Durbin, bullpen battered in loss

Tigers give up seven home runs in first half of twin bill

DETROIT -- As Jim Leyland likes to say, momentum is only as good as the next day's pitcher. Whatever momentum the Tigers had left over from Monday night's comeback exited Comerica Park on Tuesday afternoon along with more than a half-dozen baseballs off of Ranger bats.

Hours after Kenny Rogers and three relievers kept the Tigers close enough for a ninth-inning comeback, Detroit battled back for five runs in the eighth and another in the ninth. That didn't even cut the deficit in half in the Tigers' 13-6 loss in the opener of a day-night doubleheader with the Rangers. That's what a franchise record-tying seven home runs allowed does to a rally.

Just two other seven-homer games dot the Tigers' history books. One was an 11-4 loss on July 24, 1999 at Tiger Stadium, where the Red Sox went deep five times in four innings against Jeff Weaver. The other was a 15-2 loss to the Indians on July 17, 1966 to finish off a doubleheader sweep that dealt the Tigers a crushing blow to their hopes of catching the Orioles.

Whether this year's seven-homer game does anything for Detroit's postseason chances remains to be seen, but it was a microcosm of the pitching struggles that have helped to put the Tigers in a tough position with less than three weeks left in the season.

"There's a difference between having a little leak," Leyland said, "and totally letting the air out of the balloon right off the bat. Three, four runs, maybe even five, if you pick up one or two, you still feel like you're [in it]. But when the air's out of the balloon after three innings, that's not good. And that's basically what happened today. That's the way it is."

Chad Durbin has given the Tigers a chance to win this season on days when he had a leak, and quality outings when he has been on his game.

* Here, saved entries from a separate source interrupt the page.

(* Let $M\subseteq\mathbb{R}^n$ be convex, $D\subseteq\mathbb{R}^n$ discrete, and $F=F_{\mathrm{QC}^n,M\cap D}$. Then $\tau_F\ge |M\cap D|-1$.
   Context: $\mathrm{QC}^n$: quasiconvex functions $f$ with convex domain in $\mathbb{R}^n$, i.e. $f(z)\le\max\{f(x),f(y)\}$ for all $x,y\in\mathrm{dom}(f)$ and $z\in(x,y)$. For a class $\mathscr{F}$ and discrete set $D'$, the problem $F=F_{\mathscr{F},D'}$ has instances $\mathrm{dom}(F)=\{f\in\mathscr{F}: D'\subseteq\mathrm{dom}(f)\}$ and asks for a point of $\arg\min_{x\in D'}f(x)$, where $f$ is accessible only through the comparison oracle answering, for $x,y\in\mathrm{dom}(f)$, whether $f(x)\le f(y)$. An algorithm is a binary decision tree whose internal nodes are comparison queries on pairs of points and whose leaves are labelled by points; it solves $F$ if for every $f\in\mathrm{dom}(F)$ all queried points lie in $\mathrm{dom}(f)$ and the reached leaf is labelled by a point of $\arg\min_{D'}f$. $\tau_F$ is the minimum, over all algorithms solving $F$, of the maximal number of queries on a root-to-leaf path (worst-case number of oracle calls). *)

From Stdlib Require Fin.
From Stdlib Require Import Reals List.
Open Scope R_scope.

Definition pt (n : nat) : Type := Fin.t n -> R.

Definition comb {n : nat} (t : R) (x y : pt n) : pt n :=
  fun i => (1 - t) * x i + t * y i.

Definition convex_set {n : nat} (C : pt n -> Prop) : Prop :=
  forall x y t, C x -> C y -> 0 <= t <= 1 -> C (comb t x y).

(* Discrete: every point of D is isolated in D (sup-norm balls, which
   generate the usual topology of R^n). *)
Definition discrete_set {n : nat} (D : pt n -> Prop) : Prop :=
  forall x, D x -> exists eps, 0 < eps /\
    forall y, D y -> (forall i, Rabs (y i - x i) < eps) -> y = x.

(* A function with domain: its domain [dom] and values [f] (values outside
   [dom] are irrelevant). *)
Record fn (n : nat) := mkFn { dom : pt n -> Prop; val : pt n -> R }.
Arguments dom {n}. Arguments val {n}.

Definition quasiconvex {n : nat} (f : fn n) : Prop :=
  convex_set (dom f) /\
  forall x y t, dom f x -> dom f y -> 0 < t < 1 ->
    val f (comb t x y) <= Rmax (val f x) (val f y).

(* Comparison-oracle algorithms: binary decision trees. [Node x y l r] asks
   whether f(x) <= f(y); on "yes" it continues with [l], else with [r]. *)
Inductive dtree (n : nat) : Type :=
| Leaf : pt n -> dtree n
| Node : pt n -> pt n -> dtree n -> dtree n -> dtree n.
Arguments Leaf {n}. Arguments Node {n}.

Fixpoint depth {n : nat} (T : dtree n) : nat :=
  match T with
  | Leaf _ => 0
  | Node _ _ l r => S (Nat.max (depth l) (depth r))
  end.

Fixpoint run_ok {n : nat} (f : fn n) (D' : pt n -> Prop) (T : dtree n) : Prop :=
  match T with
  | Leaf p => D' p /\ forall z, D' z -> val f p <= val f z
  | Node x y l r =>
      dom f x /\ dom f y /\
      match Rle_dec (val f x) (val f y) with
      | left _ => run_ok f D' l
      | right _ => run_ok f D' r
      end
  end.

Definition solves_QC {n : nat} (D' : pt n -> Prop) (T : dtree n) : Prop :=
  forall f : fn n, quasiconvex f -> (forall x, D' x -> dom f x) -> run_ok f D' T.

(* For each point p of M ∩ D, the function that is 0 at p and 1 elsewhere on M
   is quasiconvex, and its only minimiser on M ∩ D is p.  On this instance the
   query f(x) <= f(y) can fail only when y = p, so the run follows the left
   spine of the tree until it queries p or ends at the leaf p.  Hence every
   point of M ∩ D occurs among the depth + 1 points of the left spine. *)

From Stdlib Require Import Reals List.
From Stdlib Require Import Lra Lia ClassicalDescription FunctionalExtensionality.

Fixpoint left_spine {n : nat} (T : dtree n) : list (pt n) :=
  match T with
  | Leaf p => p :: nil
  | Node _ y l _ => y :: left_spine l
  end.

Lemma length_left_spine {n : nat} (T : dtree n) :
  (length (left_spine T) <= S (depth T))%nat.
Proof.
  induction T as [p | x y l IHl r _]; simpl; [lia |].
  pose proof (Nat.le_max_l (depth l) (depth r)); lia.
Qed.

Definition point_dip {n : nat} (C : pt n -> Prop) (p : pt n) : fn n :=
  mkFn n C (fun z => if excluded_middle_informative (z = p) then 0 else 1).

Lemma point_dip_le1 {n : nat} (C : pt n -> Prop) (p z : pt n) :
  val (point_dip C p) z <= 1.
Proof. simpl; destruct excluded_middle_informative; lra. Qed.

Lemma point_dip_at {n : nat} (C : pt n -> Prop) (p : pt n) :
  val (point_dip C p) p = 0.
Proof. simpl; destruct excluded_middle_informative; easy. Qed.

Lemma point_dip_neq {n : nat} (C : pt n -> Prop) (p z : pt n) :
  z <> p -> val (point_dip C p) z = 1.
Proof. simpl; destruct excluded_middle_informative; easy. Qed.

Lemma point_dip_min {n : nat} (C : pt n -> Prop) (p z : pt n) :
  val (point_dip C p) p <= val (point_dip C p) z.
Proof.
  rewrite point_dip_at; simpl; destruct excluded_middle_informative; lra.
Qed.

Lemma comb_diag {n : nat} (t : R) (p : pt n) : comb t p p = p.
Proof. apply functional_extensionality; intro i; unfold comb; ring. Qed.

Lemma point_dip_quasiconvex {n : nat} (C : pt n -> Prop) (p : pt n) :
  convex_set C -> quasiconvex (point_dip C p).
Proof.
  intros HC; split; [exact HC |].
  intros x y t _ _ _.
  destruct (excluded_middle_informative (comb t x y = p)) as [Hz | Hz].
  - rewrite Hz.
    eapply Rle_trans; [apply (point_dip_min C p x) | apply Rmax_l].
  - eapply Rle_trans; [apply point_dip_le1 |].
    destruct (excluded_middle_informative (x = p)) as [-> | Hx].
    + assert (Hy : y <> p) by (intros ->; apply Hz, comb_diag).
      rewrite (point_dip_neq C p y Hy); apply Rmax_r.
    + rewrite (point_dip_neq C p x Hx); apply Rmax_l.
Qed.

Lemma run_ok_point_dip_in_left_spine {n : nat} (C D' : pt n -> Prop)
    (p : pt n) (T : dtree n) :
  D' p -> run_ok (point_dip C p) D' T -> In p (left_spine T).
Proof.
  intros Hp; induction T as [q | x y l IHl r _]; cbn [run_ok left_spine In].
  - intros [_ Hmin].
    destruct (excluded_middle_informative (q = p)) as [-> | Hq]; [now left |].
    specialize (Hmin p Hp).
    rewrite (point_dip_neq C p q Hq), point_dip_at in Hmin; lra.
  - intros [_ [_ Hrun]].
    destruct (excluded_middle_informative (y = p)) as [-> | Hy]; [now left |].
    right; apply IHl.
    destruct Rle_dec as [_ | Hnle]; [exact Hrun |].
    exfalso; apply Hnle.
    rewrite (point_dip_neq C p y Hy); apply point_dip_le1.
Qed.

Theorem mainTheorem8 (n : nat) (M D : pt n -> Prop) :
  convex_set M -> discrete_set D ->
  forall (pts : list (pt n)), NoDup pts ->
    (forall p, In p pts -> M p /\ D p) ->
  forall T : dtree n, solves_QC (fun x => M x /\ D x) T ->
    (length pts - 1 <= depth T)%nat.
Proof.
  intros HM _ pts Hnd Hpts T HT.
  assert (Hincl : incl pts (left_spine T)).
  { intros p Hp.
    apply (run_ok_point_dip_in_left_spine M (fun x => M x /\ D x)); [auto |].
    apply HT; [now apply point_dip_quasiconvex | now intros x [Hx _]]. }
  pose proof (NoDup_incl_length Hnd Hincl).
  pose proof (length_left_spine T).
  lia.
Qed.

His five scoreless innings last Thursday against the White Sox set up the Tigers for a 3-2 win to take the series. For that matter, Detroit was 9-9 in his previous 18 starts this season, and his long relief stints have often kept games manageable.

As he exited Tuesday's opener in the third inning, he was thinking about the innings to follow.

"I think about being in the bullpen and knowing that we have another game after this one, and we're only in the third inning," Durbin said. "Emotionally for me, you just feel like you've let down your bullpen, and you've let down any momentum that we might've been able to create on the offensive side."

Durbin's 19 home runs allowed entering the game ranked second on the team, but he had surrendered just five over 37 1/3 innings since the All-Star break. When he commands his pitches, he keeps the ball consistently down in the strike zone. This wasn't one of those times.

"It was a question of getting behind the hitters and not having good stuff or location," Leyland said. "That's a bad combination."

Seven of Texas' first 15 batters reached base safely, with six of them scoring. After three first-inning singles earned the resurgent Rangers a first-inning run, David Murphy led off the second inning with his second home run of the year.

Durbin retired the side in order from there, but a hit-by-pitch to Ian Kinsler led off the third. Two batters later, Marlon Byrd hit the first of his two home runs. Hank Blalock chased Durbin with a two-out double and scored on a Tim Byrdak wild pitch.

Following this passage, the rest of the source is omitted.